The Adaptive Doubly Robust Estimator for Policy Evaluation in Adaptive Experiments and a Paradox Concerning Logging Policy
This work addresses causal inference challenges in adaptive experiments, offering a novel estimator with potential applications in fields like online advertising or clinical trials, though it appears incremental as it builds on existing doubly robust methods.

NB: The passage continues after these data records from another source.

(* Let $\lambda=\inf\{u : |\mathrm{GHZ}\rangle^{\otimes\lfloor un\rfloor}\stackrel{\textrm{SLOCC}}{\longrightarrow}|\Phi^3\rangle^{\otimes n}\text{ for all sufficiently large } n\}$. Then $\lambda=\omega$, the exponent of matrix multiplication, i.e. the smallest real number $\omega$ such that two $N\times N$ matrices can be multiplied using $O(N^{\omega})$ multiplications, each being a product of a linear function of the entries of the first matrix and a linear function of the entries of the second matrix.
   Context: Three parties $A,B,C$. $|\mathrm{GHZ}\rangle=\frac{1}{\sqrt2}(|000\rangle+|111\rangle)$ with one qubit held by each party. Let $|\Phi\rangle=|00\rangle+|11\rangle$. $|\Phi^3\rangle=|\Phi\rangle_{AB}|\Phi\rangle_{AC}|\Phi\rangle_{BC}$ is the state in which each pair of parties shares one EPR state (each party holds two qubits). Tensor powers are taken with each party holding its own parts of all copies. $|\psi\rangle\stackrel{\textrm{SLOCC}}{\longrightarrow}|\phi\rangle$ means $|\psi\rangle$ can be transformed into $|\phi\rangle$ with nonzero probability by local operations and classical communication; equivalently, there exist linear operators $A,B,C$ on the respective parties' spaces with $(A\otimes B\otimes C)|\psi\rangle=|\phi\rangle$ up to a nonzero scalar. *)

From HB Require Import structures.
From mathcomp Require Import all_boot all_order all_algebra.
From mathcomp Require Import all_classical all_reals all_analysis.
From mathcomp Require Import complex.
Set Implicit Arguments. Unset Strict Implicit. Unset Printing Implicit Defensive.
Import Order.TTheory GRing.Theory Num.Theory.
Local Open Scope ring_scope.
Local Open Scope classical_set_scope.
(* Let $m,n\ge 1$, $k=\min(m,n)$, and let $M^\star\in\mathbb{R}^{m\times n}$ have singular value decomposition $M^\star=P\Sigma Q^\top$ with $P\in\mathbb{R}^{m\times k}$, $Q\in\mathbb{R}^{n\times k}$ having orthonormal columns $p_i,q_i$ and $\Sigma=\mathrm{diag}(\sigma_1,\dots,\sigma_k)$ with $\sigma_1>\sigma_2>\cdots>\sigma_k>0$. For $r\in\{1,\dots,k\}$ let $A_r=\sum_{i=1}^r\sigma_ip_iq_i^\top$, let $\Pi_S$ denote the $k\times k$ diagonal matrix with $(\Pi_S)_{ii}=1$ if $i\in S$ and $0$ otherwise, $[r]=\{1,\dots,r\}$, and for $U\in\mathbb{R}^{m\times k}$, $V\in\mathbb{R}^{n\times k}$ let $$\mathcal{E}(U,V,r)=\min_{S_r\subseteq\{1,\dots,k\},\,|S_r|=r}\bigl\|U\Pi_{S_r}V^\top-A_r\bigr\|_F^2.$$ Let $$\mathcal{M}_{\mathrm{NSL}}=\arg\min_{U\in\mathbb{R}^{m\times k},\,V\in\mathbb{R}^{n\times k}}\frac1k\sum_{r=1}^k\bigl\|U\Pi_{[r]}V^\top-M^\star\bigr\|_F^2.$$ Then for every $(U,V)\in\mathcal{M}_{\mathrm{NSL}}$ and every $r\in\{1,\dots,k\}$, $\mathcal{E}(U,V,r)=0$.
   Context: $\|\cdot\|_F$ is the Frobenius norm. *)

From mathcomp Require Import all_boot all_order all_algebra.
From mathcomp Require Import reals.
Set Implicit Arguments. Unset Strict Implicit. Unset Printing Implicit Defensive.
Import Order.TTheory GRing.Theory Num.Theory.
Local Open Scope ring_scope.

Definition frob2 {R : realType} {m n : nat} (A : 'M[R]_(m, n)) : R :=
  \sum_(i < m) \sum_(j < n) A i j ^+ 2.

Definition PiS {R : realType} {k : nat} (S : {set 'I_k}) : 'M[R]_k :=
  diag_mx (\row_(i < k) (if i \in S then 1 else 0)).

(* [r] = {1,...,r}, i.e. 0-based indices i < r *)
Definition firstr (k r : nat) : {set 'I_k} := [set i : 'I_k | (i < r)%N].

Definition Ar {R : realType} {m n k : nat} (P : 'M[R]_(m, k)) (Q : 'M[R]_(n, k))
  (sigma : 'I_k -> R) (r : nat) : 'M[R]_(m, n) :=
  \sum_(i < k | (i < r)%N) sigma i *: (col i P *m (col i Q)^T).

(* E(U,V,r) = min over S with |S| = r of ||U Pi_S V^T - A_r||_F^2.
   The seed of the min is the value at S = [r], itself a candidate when r <= k. *)
Definition Eerr {R : realType} {m n k : nat} (U : 'M[R]_(m, k)) (V : 'M[R]_(n, k))
  (P : 'M[R]_(m, k)) (Q : 'M[R]_(n, k)) (sigma : 'I_k -> R) (r : nat) : R :=
  \big[Num.min/frob2 (U *m PiS (firstr k r) *m V^T - Ar P Q sigma r)]_(S : {set 'I_k} | #|S| == r)
     frob2 (U *m PiS S *m V^T - Ar P Q sigma r).

Definition nsl_loss {R : realType} {m n k : nat} (M : 'M[R]_(m, n))
  (U : 'M[R]_(m, k)) (V : 'M[R]_(n, k)) : R :=
  k%:R^-1 * \sum_(1 <= r < k.+1) frob2 (U *m PiS (firstr k r) *m V^T - M).

Definition in_M_NSL {R : realType} {m n k : nat} (M : 'M[R]_(m, n))
  (U : 'M[R]_(m, k)) (V : 'M[R]_(n, k)) : Prop :=
  forall (U' : 'M[R]_(m, k)) (V' : 'M[R]_(n, k)), nsl_loss M U V <= nsl_loss M U' V'.

(* For each r, the product U Pi_[r] V^T has rank at most r, so its range lies in
   the range of an orthogonal projection Pi of trace at most r.  Measured against
   M = P Sigma Q^T, the part of the error orthogonal to Pi is
   sum_i sigma_i^2 (1 - w_i) with weights w_i = |Pi p_i|^2 in [0, 1] of total at
   most r; since the sigma_i are positive and strictly decreasing, this is at least
   the tail sum_{i >= r} sigma_i^2, with equality only for w = 1_[r].  The pair
   (P Sigma, Q) attains every one of these lower bounds at once, so a minimiser of
   the averaged loss attains each of them, and the equality case forces
   U Pi_[r] V^T = A_r. *)

From mathcomp Require Import all_boot all_order all_algebra.
From mathcomp Require Import reals.
From mathcomp Require Import ring lra.

Set Implicit Arguments.
Unset Strict Implicit.
Unset Printing Implicit Defensive.
Import Order.TTheory GRing.Theory Num.Theory.
Local Open Scope ring_scope.

Section Frobenius.
Variables (R : realType) (m n : nat).
Implicit Types A Y : 'M[R]_(m, n).

Lemma frob2_tr A : frob2 A = \tr (A *m A^T).
Proof.
rewrite /frob2 /mxtrace; apply: eq_bigr => i _; rewrite mxE.
by apply: eq_bigr => j _; rewrite !mxE expr2.
Qed.

Lemma frob2_ge0 A : 0 <= frob2 A.
Proof. by apply: sumr_ge0 => i _; apply: sumr_ge0 => j _; apply: sqr_ge0. Qed.

Lemma frob2_eq0 A : (frob2 A == 0) = (A == 0).
Proof.
apply/eqP/eqP => [A0 | ->]; last first.
  by rewrite /frob2 big1 // => i _; rewrite big1 // => j _; rewrite mxE expr0n.
apply/matrixP => i j; rewrite mxE; apply/eqP; rewrite -sqrf_eq0; apply/eqP.
have row0 := psumr_eq0P (fun i _ => sumr_ge0 _ (fun j _ => sqr_ge0 (A i j))) A0.
exact: psumr_eq0P (fun j _ => sqr_ge0 (A i j)) (row0 i isT) j isT.
Qed.

Lemma frob2N A : frob2 (- A) = frob2 A.
Proof. by apply: eq_bigr => i _; apply: eq_bigr => j _; rewrite mxE sqrrN. Qed.

End Frobenius.

Definition orthoproj {R : realType} {m : nat} (Pi : 'M[R]_m) :=
  Pi^T = Pi /\ Pi *m Pi = Pi.

Section OrthogonalProjections.
Variables (R : realType) (m : nat).
Implicit Types Pi : 'M[R]_m.

Lemma orthoproj1 : orthoproj (1%:M : 'M[R]_m).
Proof. by split; rewrite ?trmx1 ?mul1mx. Qed.

Lemma orthoprojC Pi : orthoproj Pi -> orthoproj (1%:M - Pi).
Proof.
case=> sym idem; split; first by rewrite linearB /= trmx1 sym.
by rewrite mulmxBl mul1mx mulmxBr mulmx1 idem subrr subr0.
Qed.

Lemma orthoproj_conj k (P : 'M[R]_(m, k)) (Pi : 'M[R]_k) :
  P^T *m P = 1%:M -> orthoproj Pi -> orthoproj (P *m Pi *m P^T).
Proof.
move=> hP [sym idem]; split; first by rewrite !trmx_mul trmxK sym mulmxA.
by rewrite !mulmxA -(mulmxA _ P^T) hP mulmx1 -(mulmxA P) idem.
Qed.

Lemma frob2_orthoproj n Pi (Y : 'M[R]_(m, n)) :
  orthoproj Pi -> frob2 (Pi *m Y) = \tr (Pi *m (Y *m Y^T)).
Proof.
case=> sym idem; rewrite frob2_tr trmx_mul sym mulmxA mxtrace_mulC !mulmxA.
by rewrite -[Y^T *m Pi *m Pi]mulmxA idem mxtrace_mulC mulmxA mxtrace_mulC mulmxA.
Qed.

Lemma frob2_orthoproj_split n Pi (Y : 'M[R]_(m, n)) : orthoproj Pi ->
  frob2 Y = frob2 (Pi *m Y) + frob2 ((1%:M - Pi) *m Y).
Proof.
move=> hPi; rewrite (frob2_orthoproj Y hPi) (frob2_orthoproj Y (orthoprojC hPi)).
by rewrite -mxtraceD -mulmxDl addrC subrK mul1mx frob2_tr.
Qed.

End OrthogonalProjections.

Section CoveringProjection.
Variables (R : realType) (m : nat).

(* One Gram-Schmidt step: add the rank-one projection onto the component of [b]
   orthogonal to the range of [Pi']. *)
Lemma orthoproj_extend (Pi' : 'M[R]_m) (b : 'cV[R]_m) : orthoproj Pi' ->
  exists Pi : 'M[R]_m,
    [/\ orthoproj Pi, Pi *m b = b, Pi *m Pi' = Pi' & \tr Pi <= \tr Pi' + 1].
Proof.
case=> sym idem; set c := b - Pi' *m b.
have Pi'c : Pi' *m c = 0 by rewrite mulmxBr mulmxA idem subrr.
have cPi' : c^T *m Pi' = 0 by rewrite -{1}sym -trmx_mul Pi'c trmx0.
set s := (c^T *m c) 0 0.
have cc : c^T *m c = s%:M by rewrite {1}[c^T *m c]mx11_scalar.
have bE : b = c + Pi' *m b by rewrite subrK.
have cb : c^T *m b = s%:M by rewrite {1}bE mulmxDr mulmxA cPi' mul0mx addr0 cc.
have tr_cc : \tr (c *m c^T) = s by rewrite mxtrace_mulC cc mxtrace_scalar.
have [s0 | s_neq0] := eqVneq s 0.
  have c0 : c = 0 by apply/eqP; rewrite -frob2_eq0 frob2_tr tr_cc s0.
  exists Pi'; split => //; last by rewrite lerDl.
  by rewrite {2}bE c0 add0r.
exists (Pi' + s^-1 *: (c *m c^T)); split.
- split; first by rewrite linearD linearZ /= trmx_mul trmxK sym.
  rewrite mulmxDl !mulmxDr idem -!scalemxAl -!scalemxAr !mulmxA Pi'c mul0mx.
  rewrite -(mulmxA c) cPi' mulmx0 -[c *m c^T *m c]mulmxA cc mul_mx_scalar.
  by rewrite -scalemxAl scalerA mulVf // scale1r !scaler0 !add0r addr0.
- rewrite mulmxDl -scalemxAl -mulmxA cb mul_mx_scalar scalerA mulVf // scale1r.
  by rewrite addrC -bE.
- by rewrite mulmxDl -scalemxAl -mulmxA cPi' mulmx0 scaler0 addr0.
- by rewrite mxtraceD mxtraceZ tr_cc mulVf.
Qed.

Lemma orthoproj_cover_cols k (B : 'M[R]_(m, k)) (r : nat) :
  exists Pi : 'M[R]_m, [/\ orthoproj Pi, \tr Pi <= r%:R &
    forall j : 'I_k, (j < r)%N -> Pi *m col j B = col j B].
Proof.
elim: r => [|r [Pi' [proj' tr' fix']]].
  exists 0; split => //; last by rewrite /mxtrace big1 // => i _; rewrite mxE.
  by split; rewrite ?trmx0 ?mul0mx.
have [rk | kr] := ltnP r k; last first.
  exists Pi'; split => //; first by rewrite (le_trans tr') // ler_nat.
  by move=> j _; apply: fix'; apply: leq_trans (ltn_ord j) kr.
have [Pi [proj fix_r fix_Pi' trPi]] := orthoproj_extend (col (Ordinal rk) B) proj'.
exists Pi; split => //; first by rewrite -natr1 (le_trans trPi) // lerD2r.
move=> j; rewrite ltnS leq_eqVlt => /orP [/eqP jr | jr].
  by have -> : j = Ordinal rk by apply: val_inj.
by rewrite -(fix' j jr) mulmxA fix_Pi'.
Qed.

Lemma orthoproj_cover k (B : 'M[R]_(m, k)) (r : nat) :
  B *m PiS (firstr k r) = B ->
  exists Pi : 'M[R]_m, [/\ orthoproj Pi, \tr Pi <= r%:R & Pi *m B = B].
Proof.
move=> BPi; have [Pi [proj trPi fixPi]] := orthoproj_cover_cols B r.
exists Pi; split => //; apply/matrixP => a j.
have colj : Pi *m col j B = col j B.
  have [//|rj] := ltnP j r; first exact: fixPi.
  suff -> : col j B = 0 by rewrite mulmx0.
  apply/matrixP => i l; rewrite !mxE -BPi /PiS mul_mx_diag !mxE /firstr inE.
  by rewrite ltnNge rj mulr0.
have := congr1 (fun v : 'cV_m => v a 0) colj.
by rewrite !mxE => <-; apply: eq_bigr => l _; rewrite !mxE.
Qed.

End CoveringProjection.

Lemma gram_diag {R : realType} {a b : nat} (A : 'M[R]_(a, b)) i :
  (A^T *m A) i i = \sum_l A l i ^+ 2.
Proof. by rewrite mxE; apply: eq_bigr => l _; rewrite !mxE expr2. Qed.

Lemma gram_diag_eq0 {R : realType} {a b : nat} (A : 'M[R]_(a, b)) i :
  (A^T *m A) i i = 0 -> forall l, A l i = 0.
Proof.
rewrite gram_diag => /psumr_eq0P sq0 l; apply/eqP; rewrite -sqrf_eq0.
by rewrite sq0 // => l' _; apply: sqr_ge0.
Qed.

Lemma mulmx_PiSE {R : realType} {m k : nat} (B : 'M[R]_(m, k)) (S : {set 'I_k}) i j :
  (B *m PiS S) i j = if j \in S then B i j else 0.
Proof. by rewrite /PiS mul_mx_diag !mxE; case: (j \in S); rewrite ?mulr1 ?mulr0. Qed.

Lemma orthoproj_PiS {R : realType} {k : nat} (S : {set 'I_k}) :
  orthoproj (PiS S : 'M[R]_k).
Proof.
split; first by rewrite /PiS tr_diag_mx.
apply/matrixP => i j; rewrite mulmx_PiSE /PiS !mxE.
by case jS: (j \in S); case: eqP => [->|]; rewrite ?jS ?mulr0n.
Qed.

Definition proj_weight {R : realType} {m k : nat} (P : 'M[R]_(m, k)) (Pi : 'M[R]_m) i :=
  (P^T *m Pi *m P) i i.

Section ProjectionWeights.
Variables (R : realType) (m k : nat) (P : 'M[R]_(m, k)).
Hypothesis P_orth : P^T *m P = 1%:M.

Lemma proj_weightC (Pi : 'M[R]_m) i :
  proj_weight P (1%:M - Pi) i = 1 - proj_weight P Pi i.
Proof. by rewrite /proj_weight mulmxBr mulmx1 mulmxBl P_orth !mxE eqxx. Qed.

Section Projection.
Variable Pi : 'M[R]_m.
Hypothesis Pi_proj : orthoproj Pi.

Lemma proj_weight_gram i : proj_weight P Pi i = ((Pi *m P)^T *m (Pi *m P)) i i.
Proof.
case: Pi_proj => sym idem.
by rewrite /proj_weight trmx_mul sym !mulmxA -[P^T *m Pi *m Pi]mulmxA idem.
Qed.

Lemma proj_weight_ge0 i : 0 <= proj_weight P Pi i.
Proof. by rewrite proj_weight_gram gram_diag; apply: sumr_ge0 => l _; apply: sqr_ge0. Qed.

The paper tackles the problem of policy evaluation in adaptive experiments by proposing an adaptive doubly robust estimator that works with dependent samples, achieving asymptotic normality through adaptive-fitting. It also reports an empirical paradox where the proposed estimator outperforms others using the true logging policy, confirmed via simulations.
The doubly robust (DR) estimator, which consists of two nuisance parameters, the conditional mean outcome and the logging policy (the probability of choosing an action), is crucial in causal inference. This paper proposes a DR estimator for dependent samples obtained from adaptive experiments. To obtain an asymptotically normal semiparametric estimator from dependent samples with non-Donsker nuisance estimators, we propose adaptive-fitting as a variant of sample-splitting. We also report an empirical paradox that our proposed DR estimator tends to show better performances compared to other estimators utilizing the true logging policy. While a similar phenomenon is known for estimators with i.i.d. samples, traditional explanations based on asymptotic efficiency cannot elucidate our case with dependent samples. We confirm this hypothesis through simulation studies.